L'OZONE AFFAIBLIT LES VIRUS ET RENFORCE LE SYSTÈME IMMUNITAIRE

Au cours des cinq derniers mois, pendant et après la propagation maximale du Covid-19, on a beaucoup discuté de l'utilisation de l'oxygénothérapie à l'ozone comme traitement pour combattre le coronavirus et comme désinfectant pour prévenir sa propagation. 

Au cours de ces analyses et pratiques thérapeutiques approfondies, la capacité de l'ozone à éradiquer les virus et à renforcer l'action du système immunitaire a également été étudiée et discutée.

À cet égard, des recherches menées par le Scripps Research Institute, publiées par "Science" et par la National Academy of Sciences des États-Unis d'Amérique, vérifient que l'ozone est une substance générée par le système immunitaire, et l'ozone est devenu très actuel.

Pour mieux comprendre le sens et le contenu de la recherche en question, "Orbisphera" a interviewé le professeur Barbara Tavazzi, professeur associé de biochimie au département des sciences biotechnologiques de base, des cliniques intensives et peropératoires de l'Université catholique de Rome.

En 2002, des chercheurs du Scripps Research Institute, qui fait autorité en la matière, ont fait une découverte inattendue qui a surpris les chercheurs eux-mêmes. A savoir que le système immunitaire produit de l'ozone et parvient donc à détruire les bactéries, les virus et les champignons. 


Pouvez-vous nous expliquer exactement comment se déroule ce processus endogène de production d'ozone ?


L'étude, menée par l'équipe du Scripps Research Institute, porte sur l'action bactéricide d'anticorps spécifiques contre E. coli par la production de peroxyde d'hydrogène (H2O2, peroxyde d'hydrogène).

La particularité de cette recherche expérimentale est d'avoir eu des résultats surprenants et inattendus, puisque pour la première fois on a vu que les anticorps semblent produire de l'ozone, ou du moins une molécule qui a la même soi-disant "signature chimique".

Il faut tenir compte du fait que tous les anticorps ont la capacité de produire du peroxyde d'hydrogène, l'une des espèces radicalaires de l'oxygène (ROS), mais seulement s'ils disposent d'une molécule connue sous le nom d'"oxygène singulet" (1O2) comme substrat, une autre espèce d'oxygène hautement réactif qui se forme spontanément au cours des processus métaboliques normaux et physiologiques.

Le substrat d'oxygène singulet serait fourni aux anticorps par des cellules immunitaires et phagocytaires, telles que les neutrophiles ; hypothèse qui tient compte du mécanisme de la réponse immunitaire, dans lequel les neutrophiles et d'autres cellules immunitaires sont recrutés sur le site d'une infection et/ou d'une inflammation.

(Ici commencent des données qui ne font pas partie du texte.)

Lemma rank_homog_bottom (G : {set T}) :
  \rank (\sum_(t in G) <<prism_homog_vert (inl t)>>)%MS = \rank (homog_span V G).
Proof.
rewrite -(rank_sumsmxMfree G (homog_vert V) row_free_lift_bottom).
by congr (\rank _); apply: eq_bigr => t _; rewrite homog_vert_bottom.
Qed.

Lemma rank_homog_top (G : {set T}) :
  \rank (\sum_(t in G) <<prism_homog_vert (inr t)>>)%MS = \rank (homog_span V G).
Proof.
rewrite -(rank_sumsmxMfree G (homog_vert V) row_free_lift_top).
by congr (\rank _); apply: eq_bigr => t _; rewrite homog_vert_top.
Qed.

(* Both copies together span the bottom copy plus the height direction, which
   lies outside the bottom copy since the height coordinate vanishes on it. *)
Lemma rank_homog_vertical (G : {set T}) : G != set0 ->
  \rank (\sum_(t in G) <<prism_homog_vert (inl t)>> +
         \sum_(t in G) <<prism_homog_vert (inr t)>>)%MS
  = (\rank (homog_span V G)).+1.
Proof.
case/set0Pn => t0 t0G.
set S0 := (\sum_(t in G) _)%MS; set S1 := (\sum_(t in G) _)%MS.
have topE t : prism_homog_vert (inr t) = prism_homog_vert (inl t) + height_vec.
  by rewrite /homog_vert /height_vec !add_row_mx !addr0 add0r.
have inS0 t : t \in G -> (prism_homog_vert (inl t) <= S0)%MS.
  by move=> tG; apply: (sumsmx_sup t) => //; rewrite genmxE.
have inS1 t : t \in G -> (prism_homog_vert (inr t) <= S1)%MS.
  by move=> tG; apply: (sumsmx_sup t) => //; rewrite genmxE.
have S01E : (S0 + S1 == S0 + height_vec)%MS.
  apply/andP; split; rewrite addsmx_sub addsmxSl /=.
    apply/sumsmx_subP => t tG; rewrite genmxE topE.
    exact: addmx_sub_adds (inS0 t tG) (submx_refl _).
  have -> : height_vec = - prism_homog_vert (inl t0) + prism_homog_vert (inr t0).
    by rewrite topE addKr.
  by apply: addmx_sub_adds; rewrite ?eqmx_opp ?inS0 ?inS1.
have S0ker : (S0 <= kermx height_coord)%MS.
  apply/sumsmx_subP => t _; rewrite genmxE sub_kermx.
  by rewrite /homog_vert /height_coord !mul_row_col !mulmx0 !mul0mx !addr0.
have height_notin : ~~ (height_vec <= S0)%MS.
  apply/negP => /submx_trans /(_ S0ker); rewrite sub_kermx.
  rewrite /height_vec /height_coord !mul_row_col !mulmx0 ?mul0mx !addr0 add0r.
  by rewrite mul1mx oner_eq0.
rewrite (eqmx_rank S01E) -rank_homog_bottom -/S0.
apply/eqP; rewrite eqn_leq; apply/andP; split.
  case: (mxrank_adds_leqif S0 height_vec) => le_rank _.
  by apply: leq_trans le_rank _; have := rank_leq_row height_vec; lia.
have [le_rank eq_rank] := mxrank_leqif_sup (addsmxSl S0 height_vec).
by rewrite ltn_neqAle le_rank andbT eq_rank addsmx_sub submx_refl.
Qed.
(* Let $p\colon X\to B_1$ and $q\colon Y\to B_2$ be Boolean sets and $\varphi\colon X\to Y$ a morphism of Boolean sets. Then $\varphi(x\vee y)=\varphi(x)\vee\varphi(y)$ for all compatible $x,y\in X$.
   Context: Convention: a ''Boolean algebra'' means a generalized Boolean algebra (relatively complemented distributive lattice with $0$); morphisms of Boolean algebras preserve lattice operations, $0$ and relative complements. Presheaf of sets over a meet semilattice $E$: pairwise disjoint sets $X_e$, restriction maps $x\mapsto x|^e_f$, $X_e\to X_f$ for $e\ge f$, with $|^e_e=\mathrm{id}$ and $(x|^e_f)|^f_g=x|^e_g$; $p(x)=e$ iff $x\in X_e$; global support: all $X_e\ne\emptyset$. Order: $x\le y$ iff $p(x)\le p(y)$ and $x=y|^{p(y)}_{p(x)}$. Compatibility $x\sim y$: $x\wedge y$ exists and $p(x\wedge y)=p(x)\wedge p(y)$. A Boolean set is a presheaf $p\colon X\to B$ with global support over a Boolean algebra $B$ such that $(X,\le)$ has least element $0$, compatible pairs have joins, and $p(x)=0\Rightarrow x=0$. A morphism of Boolean sets is a map $\varphi\colon X\to Y$ with a morphism of Boolean algebras $\overline{\varphi}\colon B_1\to B_2$ such that $q\varphi=\overline{\varphi}p$ and $\varphi(x|^a_b)=\varphi(x)|^{\overline{\varphi}(a)}_{\overline{\varphi}(b)}$ for all $a\ge b$ and $x\in X_a$. *)

From HB Require Import structures.
From mathcomp Require Import all_boot all_order.
Set Implicit Arguments. Unset Strict Implicit. Unset Printing Implicit Defensive.
Import Order.Theory.
Local Open Scope order_scope.

(* A generalized Boolean algebra = relatively (sectionally) complemented
   distributive lattice with 0: MathComp's cbDistrLatticeType
   (bottom \bot, meet `&`, join `|`, relative complement x `\` y). *)

Definition BA_morphism (d1 d2 : Order.disp_t)
  (B1 : cbDistrLatticeType d1) (B2 : cbDistrLatticeType d2) (f : B1 -> B2) : Prop :=
  [/\ forall a b, f (a `&` b) = f a `&` f b,
      forall a b, f (a `|` b) = f a `|` f b,
      f \bot = \bot &
      forall a b, f (a `\` b) = f a `\` f b].

(* Presheaf of sets over the meet semilattice B: the carrier X is the disjoint
   union of the fibres X_e = p^-1(e); res x f stands for x|^{p x}_f
   (only meaningful when f <= p x). *)
Record presheaf (d : Order.disp_t) (B : cbDistrLatticeType d) (X : Type) := Presheaf {
  psh_p : X -> B;
  psh_res : X -> B -> X;
  psh_res_p : forall x f, f <= psh_p x -> psh_p (psh_res x f) = f;
  psh_res_id : forall x, psh_res x (psh_p x) = x;
  psh_res_comp : forall x f g, g <= f -> f <= psh_p x ->
      psh_res (psh_res x f) g = psh_res x g
}.

Section PresheafOrder.
Context (d : Order.disp_t) (B : cbDistrLatticeType d) (X : Type) (P : presheaf B X).

Definition ple (x y : X) : Prop :=
  psh_p P x <= psh_p P y /\ x = psh_res P y (psh_p P x).

Definition is_glb (m x y : X) : Prop :=
  ple m x /\ ple m y /\ forall z, ple z x -> ple z y -> ple z m.

Definition is_lub (j x y : X) : Prop :=
  ple x j /\ ple y j /\ forall z, ple x z -> ple y z -> ple j z.

Definition is_least (z : X) : Prop := forall x, ple z x.

Definition compatible (x y : X) : Prop :=
  exists m, is_glb m x y /\ psh_p P m = psh_p P x `&` psh_p P y.

Definition global_support : Prop := forall e : B, exists x, psh_p P x = e.

Definition boolean_set : Prop :=
  [/\ global_support,
      exists z, is_least z,
      forall x y, compatible x y -> exists j, is_lub j x y &
      forall x, psh_p P x = \bot -> is_least x].

End PresheafOrder.

Definition BS_morphism (d1 d2 : Order.disp_t)
  (B1 : cbDistrLatticeType d1) (B2 : cbDistrLatticeType d2)
  (X Y : Type) (P : presheaf B1 X) (Q : presheaf B2 Y)
  (phi : X -> Y) (phibar : B1 -> B2) : Prop :=
  [/\ BA_morphism phibar,
      forall x, psh_p Q (phi x) = phibar (psh_p P x) &
      forall x b, b <= psh_p P x ->
        phi (psh_res P x b) = psh_res Q (phi x) (phibar b)].

(* Restriction is functorial, so the image under phi of a join j of x and y is
   an upper bound of phi x and phi y; the two images are therefore compatible in
   Y and have a join J <= phi j. In a presheaf a join of x and y lives over
   p x \/ p y, and phibar preserves \/, so J and phi j lie over the same element;
   comparable elements over the same element coincide. *)
From mathcomp Require Import all_boot all_order.
Set Implicit Arguments.
Unset Strict Implicit.
Unset Printing Implicit Defensive.
Import Order.Theory.
Local Open Scope order_scope.

Section PresheafOrderTheory.
Context {d : Order.disp_t} {B : cbDistrLatticeType d} {X : Type} (P : presheaf B X).

Local Notation p := (psh_p P).
Local Notation res := (psh_res P).

Lemma ple_eq u v : ple P u v -> p u = p v -> u = v.
Proof. by move=> [_ eu] puv; rewrite eu puv psh_res_id. Qed.

Lemma res_ple u v b : ple P u v -> b <= p u -> res u b = res v b.
Proof. by move=> [uv eu] bu; rewrite {1}eu psh_res_comp. Qed.

Lemma ple_trans u v w : ple P u v -> ple P v w -> ple P u w.
Proof.
move=> [uv eu] vw; split; first exact: le_trans uv vw.1.
by rewrite {1}eu (res_ple vw uv).
Qed.

Lemma ple_res_r u v b : ple P u v -> p u <= b -> b <= p v -> ple P u (res v b).
Proof.
move=> [_ eu] ub bv; split; first by rewrite psh_res_p.
by rewrite psh_res_comp.
Qed.

Lemma ple_res_l u v b : ple P u v -> b <= p u -> ple P (res v b) u.
Proof.
move=> uv bu; rewrite -(res_ple uv bu); split; first by rewrite psh_res_p.
by rewrite psh_res_p // psh_res_comp // psh_res_id.
Qed.

Lemma is_lub_p j x y : is_lub P j x y -> p j = p x `|` p y.
Proof.
move=> [xj [yj lub_j]].
have pxy_j : p x `|` p y <= p j by rewrite leUx xj.1 yj.1.
have [r_j _] := lub_j _ (ple_res_r xj (leUl _ _) pxy_j)
                        (ple_res_r yj (leUr _ _) pxy_j).
by apply/le_anti; rewrite pxy_j -[X in _ <= X](psh_res_p pxy_j) r_j.
Qed.

Lemma compatible_ub x y u : ple P x u -> ple P y u -> compatible P x y.
Proof.
move=> xu yu; set m := p x `&` p y.
have mu : m <= p u := le_trans (leIl _ _) xu.1.
exists (res u m); split; last exact: psh_res_p.
split; [|split].
- exact: ple_res_l xu (leIl _ _).
- exact: ple_res_l yu (leIr _ _).
- move=> z zx zy; apply: ple_res_r (ple_trans zx xu) _ mu.
  by rewrite lexI zx.1 zy.1.
Qed.

End PresheafOrderTheory.

Lemma BA_morphism_homo (d1 d2 : Order.disp_t)
  (B1 : cbDistrLatticeType d1) (B2 : cbDistrLatticeType d2) (f : B1 -> B2) :
  BA_morphism f -> {homo f : a b / a <= b}.
Proof. by move=> [_ fU _ _] a b /join_idPr ab; rewrite -ab fU leUl. Qed.

Lemma BS_morphism_ple (d1 d2 : Order.disp_t)
  (B1 : cbDistrLatticeType d1) (B2 : cbDistrLatticeType d2)
  (X Y : Type) (P : presheaf B1 X) (Q : presheaf B2 Y)
  (phi : X -> Y) (phibar : B1 -> B2) :
  BS_morphism P Q phi phibar ->
  forall u v, ple P u v -> ple Q (phi u) (phi v).
Proof.
move=> [hom hp hres] u v [uv eu]; split; first by rewrite !hp (BA_morphism_homo hom).
by rewrite {1}eu hres // hp.
Qed.

Theorem lemma1p8 (d1 d2 : Order.disp_t)
  (B1 : cbDistrLatticeType d1) (B2 : cbDistrLatticeType d2)
  (X Y : Type) (P : presheaf B1 X) (Q : presheaf B2 Y)
  (phi : X -> Y) (phibar : B1 -> B2) :
  boolean_set P -> boolean_set Q -> BS_morphism P Q phi phibar ->
  forall x y j : X, compatible P x y -> is_lub P j x y ->
    is_lub Q (phi j) (phi x) (phi y).
Proof.
move=> _ [_ _ join_Q _] hphi x y j _ lub_j.
have [[_ hom_join _ _] hp _] := hphi.
have [xj [yj _]] := lub_j.
have phi_xj := BS_morphism_ple hphi xj.
have phi_yj := BS_morphism_ple hphi yj.
have [J lub_J] := join_Q _ _ (compatible_ub phi_xj phi_yj).
suff <- : J = phi j by [].
have [_ [_ least_J]] := lub_J.
apply: ple_eq (least_J _ phi_xj phi_yj) _.
by rewrite (is_lub_p lub_J) !hp (is_lub_p lub_j) hom_join.
Qed.
Lemma config_points_length (a : nat) (left_capped : bool) :
  length (config_points a left_capped) = config_size a left_capped.
Proof.
  unfold config_points, config_size. rewrite !length_app, !length_map, !length_seq.
  destruct left_capped; simpl; lia.
Qed.

Lemma config_disks_length (a : nat) (left_capped : bool) :
  length (config_disks a left_capped) = config_size a left_capped.
Proof.
  unfold config_disks, config_size. rewrite !length_app, !length_map, !length_seq.
  destruct left_capped; simpl; lia.
Qed.

Lemma config_size_surjective (n : nat) : (3 <= n)%nat -> exists a left_capped, config_size a left_capped = n.
Proof.
  intros n_ge_3. unfold config_size.
  destruct (Nat.Even_or_Odd n) as [[m ->] | [m ->]].
  - exists (m - 2)%nat, true. lia.
  - exists (m - 1)%nat, false. lia.
Qed.

Lemma config_admissible (a : nat) (left_capped : bool) :
  admissible_family (config_points a left_capped) (config_disks a left_capped).
Proof.
  destruct (config_disks_separated a left_capped) as [nodup separated_pairs].
  split; [exact nodup | split].
  - intros d d_in. unfold config_disks in d_in. rewrite !in_app_iff in d_in.
    destruct d_in as [(k & <- & k_in%in_seq)%in_map_iff | [(k & <- & k_in%in_seq)%in_map_iff | [<- | d_in]]].
    + split; [unfold top_disk; simpl; lra|]. apply top_disk_carries_two_points; lia.
    + split; [unfold bottom_disk; simpl; lra|]. apply bottom_disk_carries_two_points; lia.
    + split; [unfold right_cap; simpl; lra|]. apply right_cap_carries_two_points.
    + destruct left_capped; [|contradiction]. destruct d_in as [<- | []].
      split; [unfold left_cap; simpl; lra|]. apply left_cap_carries_two_points.
  - intros d1 d2 d1_in d2_in d1_ne_d2.
    apply separated_interiors_disjoint, separated_pairs; assumption.
Qed.

Theorem mainTheorem12 :
  (forall (P : list point) (D : list disk),
      NoDup P -> admissible_family P D -> (length D <= length P)%nat) /\
  (forall n : nat, (3 <= n)%nat ->
      exists (P : list point) (D : list disk),
        NoDup P /\ length P = n /\ admissible_family P D /\ length D = n).
Proof.
  split.
  - intros P D _. apply admissible_family_length_le.
  - intros n n_ge_3.
    destruct (config_size_surjective n n_ge_3) as (a & left_capped & <-).
    exists (config_points a left_capped), (config_disks a left_capped).
    split; [apply config_points_NoDup|].
    split; [apply config_points_length|].
    split; [apply config_admissible | apply config_disks_length].
Qed.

À ce stade, les neutrophiles sont capables d'engloutir et de détruire les agents pathogènes, en les ciblant avec de l'"oxygène singulet" et d'autres molécules hautement oxydantes, comme le peroxyde d'hydrogène. Leur action est renforcée par celle des anticorps qui utilisent l'oxygène singulet en le réduisant et en le combinant avec de l'eau pour produire davantage de peroxyde d'hydrogène mais aussi de l'ozone, comme produit de réaction secondaire.

En fait, on a émis l'hypothèse que les anticorps effectuent une série de réactions chimiques qui génèrent une espèce intermédiaire connue sous le nom de trioxyde d'hydrogène (H2O3), qui correspond à une forme réduite de l'ozone, en raison de la présence de deux atomes d'hydrogène.

Après la réaction de formation de H2O3, à partir d'une molécule d'eau (H2O) plus 1O2, il y a sa dégradation en H2O2 et O3 : cette réaction qui semble avoir lieu dans un site hydrophobe de la molécule d'anticorps, où le trioxyde serait protégé de l'hydrolyse, favorisant ainsi sa conversion en peroxyde et ozone.

Il a été mis en évidence que d'autres protéines non anticorps peuvent également produire, même en quantités beaucoup plus faibles, du H2O3 et du O3, et l'on pense que cela peut être lié à la présence de quatre acides aminés spécifiques : l'histidine, le tryptophane ou la méthionine. Ces molécules sont capables de catalyser la production d'un oxydant ayant la signature chimique de l'ozone, également à partir de l'oxygène singulet par oxydation de l'eau, et avec une concentration comparable à celle produite par les anticorps.


Comment l'ozone attaque-t-il et désactive-t-il les agents pathogènes ?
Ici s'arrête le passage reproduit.